■ PROBLEM TO SOLVE:
The expected output is each line below containing "last", copied in full.

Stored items
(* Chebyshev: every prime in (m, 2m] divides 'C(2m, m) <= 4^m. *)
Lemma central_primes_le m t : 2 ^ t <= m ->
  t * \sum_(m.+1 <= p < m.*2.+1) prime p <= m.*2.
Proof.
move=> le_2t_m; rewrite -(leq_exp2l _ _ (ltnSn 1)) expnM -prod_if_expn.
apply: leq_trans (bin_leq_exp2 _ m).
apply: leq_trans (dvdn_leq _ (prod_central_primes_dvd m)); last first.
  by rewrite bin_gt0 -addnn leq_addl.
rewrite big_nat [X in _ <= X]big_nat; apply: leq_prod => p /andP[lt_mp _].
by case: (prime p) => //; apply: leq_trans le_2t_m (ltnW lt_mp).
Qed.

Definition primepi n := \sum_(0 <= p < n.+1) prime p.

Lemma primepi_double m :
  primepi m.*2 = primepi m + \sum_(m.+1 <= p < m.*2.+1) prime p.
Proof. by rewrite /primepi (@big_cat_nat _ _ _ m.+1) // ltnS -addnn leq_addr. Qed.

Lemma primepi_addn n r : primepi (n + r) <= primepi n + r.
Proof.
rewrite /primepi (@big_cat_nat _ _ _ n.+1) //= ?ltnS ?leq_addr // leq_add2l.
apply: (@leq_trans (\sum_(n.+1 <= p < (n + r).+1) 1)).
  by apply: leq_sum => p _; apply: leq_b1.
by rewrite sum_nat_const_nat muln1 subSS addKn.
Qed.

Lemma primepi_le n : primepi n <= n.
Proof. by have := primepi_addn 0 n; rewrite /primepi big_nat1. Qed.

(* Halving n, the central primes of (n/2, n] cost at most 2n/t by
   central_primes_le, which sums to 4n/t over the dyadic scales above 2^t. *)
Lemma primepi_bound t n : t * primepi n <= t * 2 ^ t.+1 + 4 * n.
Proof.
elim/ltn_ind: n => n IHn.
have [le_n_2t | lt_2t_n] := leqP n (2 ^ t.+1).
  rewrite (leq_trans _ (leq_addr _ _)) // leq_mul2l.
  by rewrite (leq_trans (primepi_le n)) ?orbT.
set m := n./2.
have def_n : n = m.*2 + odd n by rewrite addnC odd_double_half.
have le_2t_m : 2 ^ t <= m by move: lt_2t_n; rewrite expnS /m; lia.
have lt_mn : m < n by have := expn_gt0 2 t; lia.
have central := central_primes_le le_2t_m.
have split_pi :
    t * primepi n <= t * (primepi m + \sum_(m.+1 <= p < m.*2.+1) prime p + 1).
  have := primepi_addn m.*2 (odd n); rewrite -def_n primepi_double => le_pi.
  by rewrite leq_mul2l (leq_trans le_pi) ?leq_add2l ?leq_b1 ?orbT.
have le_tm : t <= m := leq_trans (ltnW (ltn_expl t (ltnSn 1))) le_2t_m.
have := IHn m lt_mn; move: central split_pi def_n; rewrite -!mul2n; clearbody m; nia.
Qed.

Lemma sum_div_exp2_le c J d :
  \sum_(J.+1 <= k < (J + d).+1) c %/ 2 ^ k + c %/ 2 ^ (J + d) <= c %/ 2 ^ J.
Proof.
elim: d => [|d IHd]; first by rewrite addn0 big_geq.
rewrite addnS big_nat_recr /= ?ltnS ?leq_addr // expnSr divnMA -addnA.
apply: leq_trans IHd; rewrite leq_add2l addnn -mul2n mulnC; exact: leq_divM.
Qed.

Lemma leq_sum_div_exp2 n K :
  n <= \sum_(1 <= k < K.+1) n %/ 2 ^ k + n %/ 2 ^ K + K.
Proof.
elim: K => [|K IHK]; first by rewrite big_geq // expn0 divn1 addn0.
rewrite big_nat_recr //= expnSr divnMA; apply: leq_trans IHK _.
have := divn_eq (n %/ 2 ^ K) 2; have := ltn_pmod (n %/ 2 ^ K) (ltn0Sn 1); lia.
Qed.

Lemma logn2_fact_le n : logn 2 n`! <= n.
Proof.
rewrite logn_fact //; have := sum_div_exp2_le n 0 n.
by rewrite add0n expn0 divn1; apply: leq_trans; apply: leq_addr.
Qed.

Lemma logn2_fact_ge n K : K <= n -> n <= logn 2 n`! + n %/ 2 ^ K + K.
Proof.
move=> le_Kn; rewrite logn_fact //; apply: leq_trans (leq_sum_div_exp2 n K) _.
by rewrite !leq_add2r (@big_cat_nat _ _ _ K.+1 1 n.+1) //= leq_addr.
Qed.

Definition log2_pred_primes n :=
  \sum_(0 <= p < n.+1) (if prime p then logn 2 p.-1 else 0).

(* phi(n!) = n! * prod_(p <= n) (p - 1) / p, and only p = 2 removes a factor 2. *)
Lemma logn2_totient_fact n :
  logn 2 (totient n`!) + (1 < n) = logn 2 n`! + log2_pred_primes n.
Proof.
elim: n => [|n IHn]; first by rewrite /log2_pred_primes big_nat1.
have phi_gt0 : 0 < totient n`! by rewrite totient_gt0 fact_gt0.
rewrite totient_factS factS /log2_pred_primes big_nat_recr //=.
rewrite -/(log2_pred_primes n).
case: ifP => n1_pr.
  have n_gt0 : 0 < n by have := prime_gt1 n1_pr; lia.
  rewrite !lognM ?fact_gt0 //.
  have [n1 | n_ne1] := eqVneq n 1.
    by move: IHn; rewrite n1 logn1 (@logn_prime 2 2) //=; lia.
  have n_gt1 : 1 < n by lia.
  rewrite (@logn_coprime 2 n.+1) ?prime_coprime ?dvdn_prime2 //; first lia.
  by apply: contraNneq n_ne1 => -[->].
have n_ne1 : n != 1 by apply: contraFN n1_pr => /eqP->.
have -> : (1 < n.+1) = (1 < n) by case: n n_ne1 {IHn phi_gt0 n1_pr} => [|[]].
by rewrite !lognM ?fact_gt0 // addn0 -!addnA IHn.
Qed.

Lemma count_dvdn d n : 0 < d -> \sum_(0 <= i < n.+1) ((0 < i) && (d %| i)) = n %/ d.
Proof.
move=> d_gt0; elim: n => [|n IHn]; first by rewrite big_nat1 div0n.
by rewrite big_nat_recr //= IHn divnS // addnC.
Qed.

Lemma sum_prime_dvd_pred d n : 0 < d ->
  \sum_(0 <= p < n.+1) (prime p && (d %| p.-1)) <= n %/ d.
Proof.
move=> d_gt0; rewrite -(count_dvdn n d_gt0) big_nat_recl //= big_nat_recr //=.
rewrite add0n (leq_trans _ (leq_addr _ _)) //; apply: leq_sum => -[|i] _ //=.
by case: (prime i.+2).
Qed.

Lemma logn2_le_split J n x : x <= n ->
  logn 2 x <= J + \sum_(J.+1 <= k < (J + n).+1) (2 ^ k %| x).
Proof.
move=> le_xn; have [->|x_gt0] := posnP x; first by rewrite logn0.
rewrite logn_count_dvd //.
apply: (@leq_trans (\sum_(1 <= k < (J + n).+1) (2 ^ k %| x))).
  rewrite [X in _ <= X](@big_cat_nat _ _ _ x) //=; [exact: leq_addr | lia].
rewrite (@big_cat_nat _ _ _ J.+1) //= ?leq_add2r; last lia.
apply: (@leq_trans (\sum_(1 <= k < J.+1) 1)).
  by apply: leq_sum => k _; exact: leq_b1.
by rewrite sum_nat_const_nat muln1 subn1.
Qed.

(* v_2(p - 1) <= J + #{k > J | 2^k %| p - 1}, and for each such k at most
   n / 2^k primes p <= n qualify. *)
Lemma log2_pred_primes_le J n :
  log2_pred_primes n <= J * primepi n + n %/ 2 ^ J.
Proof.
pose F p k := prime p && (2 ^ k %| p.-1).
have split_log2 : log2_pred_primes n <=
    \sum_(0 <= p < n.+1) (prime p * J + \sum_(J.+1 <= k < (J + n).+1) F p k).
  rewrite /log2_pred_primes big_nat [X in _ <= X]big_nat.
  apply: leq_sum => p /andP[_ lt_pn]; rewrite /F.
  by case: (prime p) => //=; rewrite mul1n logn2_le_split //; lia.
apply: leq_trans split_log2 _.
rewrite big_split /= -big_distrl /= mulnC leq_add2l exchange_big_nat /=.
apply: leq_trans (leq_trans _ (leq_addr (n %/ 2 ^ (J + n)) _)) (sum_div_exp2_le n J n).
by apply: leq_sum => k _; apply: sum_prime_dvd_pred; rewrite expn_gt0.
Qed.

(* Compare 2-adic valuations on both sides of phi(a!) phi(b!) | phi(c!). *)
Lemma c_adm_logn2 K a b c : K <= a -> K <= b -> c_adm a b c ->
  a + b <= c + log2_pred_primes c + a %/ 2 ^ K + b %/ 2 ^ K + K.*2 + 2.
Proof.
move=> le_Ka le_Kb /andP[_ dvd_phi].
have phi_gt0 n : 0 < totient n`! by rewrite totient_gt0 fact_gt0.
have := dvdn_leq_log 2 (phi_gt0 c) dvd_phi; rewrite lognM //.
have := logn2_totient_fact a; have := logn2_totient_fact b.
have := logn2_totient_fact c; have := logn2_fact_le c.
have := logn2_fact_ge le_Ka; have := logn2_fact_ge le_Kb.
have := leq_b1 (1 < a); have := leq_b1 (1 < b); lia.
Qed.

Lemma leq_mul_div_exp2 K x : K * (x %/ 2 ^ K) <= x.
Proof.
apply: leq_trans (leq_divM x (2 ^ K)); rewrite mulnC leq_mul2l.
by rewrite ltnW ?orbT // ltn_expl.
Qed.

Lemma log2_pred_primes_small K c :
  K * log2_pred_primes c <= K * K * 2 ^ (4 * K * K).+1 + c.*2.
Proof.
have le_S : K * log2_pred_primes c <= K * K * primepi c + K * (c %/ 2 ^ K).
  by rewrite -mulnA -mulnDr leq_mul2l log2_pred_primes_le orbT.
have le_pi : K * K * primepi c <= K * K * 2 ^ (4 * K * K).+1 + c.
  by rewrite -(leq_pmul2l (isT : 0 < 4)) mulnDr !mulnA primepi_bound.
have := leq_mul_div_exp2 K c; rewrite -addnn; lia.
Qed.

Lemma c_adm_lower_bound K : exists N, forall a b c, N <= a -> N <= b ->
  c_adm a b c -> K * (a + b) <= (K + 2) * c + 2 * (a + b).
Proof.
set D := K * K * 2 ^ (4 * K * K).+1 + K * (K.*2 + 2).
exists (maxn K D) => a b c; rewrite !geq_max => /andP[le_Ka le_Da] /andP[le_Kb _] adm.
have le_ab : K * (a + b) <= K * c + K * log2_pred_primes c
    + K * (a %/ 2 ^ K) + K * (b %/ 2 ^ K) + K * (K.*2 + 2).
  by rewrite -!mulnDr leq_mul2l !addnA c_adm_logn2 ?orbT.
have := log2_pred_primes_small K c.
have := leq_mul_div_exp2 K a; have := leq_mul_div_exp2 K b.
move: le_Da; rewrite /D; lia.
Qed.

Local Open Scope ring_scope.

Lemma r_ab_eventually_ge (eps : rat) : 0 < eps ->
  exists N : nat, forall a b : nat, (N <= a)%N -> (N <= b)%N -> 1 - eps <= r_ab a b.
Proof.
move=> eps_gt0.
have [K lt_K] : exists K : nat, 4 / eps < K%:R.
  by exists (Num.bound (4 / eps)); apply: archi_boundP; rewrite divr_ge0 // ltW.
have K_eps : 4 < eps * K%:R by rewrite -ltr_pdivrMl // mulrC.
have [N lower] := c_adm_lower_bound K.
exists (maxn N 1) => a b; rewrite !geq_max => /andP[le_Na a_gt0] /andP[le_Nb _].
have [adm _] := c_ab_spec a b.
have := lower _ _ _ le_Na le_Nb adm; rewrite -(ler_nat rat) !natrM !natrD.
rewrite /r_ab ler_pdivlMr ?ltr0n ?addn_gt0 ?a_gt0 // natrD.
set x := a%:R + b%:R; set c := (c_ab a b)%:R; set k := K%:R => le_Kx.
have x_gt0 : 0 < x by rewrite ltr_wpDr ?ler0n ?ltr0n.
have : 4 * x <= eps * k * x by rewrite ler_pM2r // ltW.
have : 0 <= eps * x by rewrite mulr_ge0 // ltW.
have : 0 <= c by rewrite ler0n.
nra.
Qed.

■ RESPONSE:
apply: leq_trans (dvdn_leq _ (prod_central_primes_dvd m)); last first.
rewrite (@big_cat_nat _ _ _ J.+1) //= ?leq_add2r; last lia.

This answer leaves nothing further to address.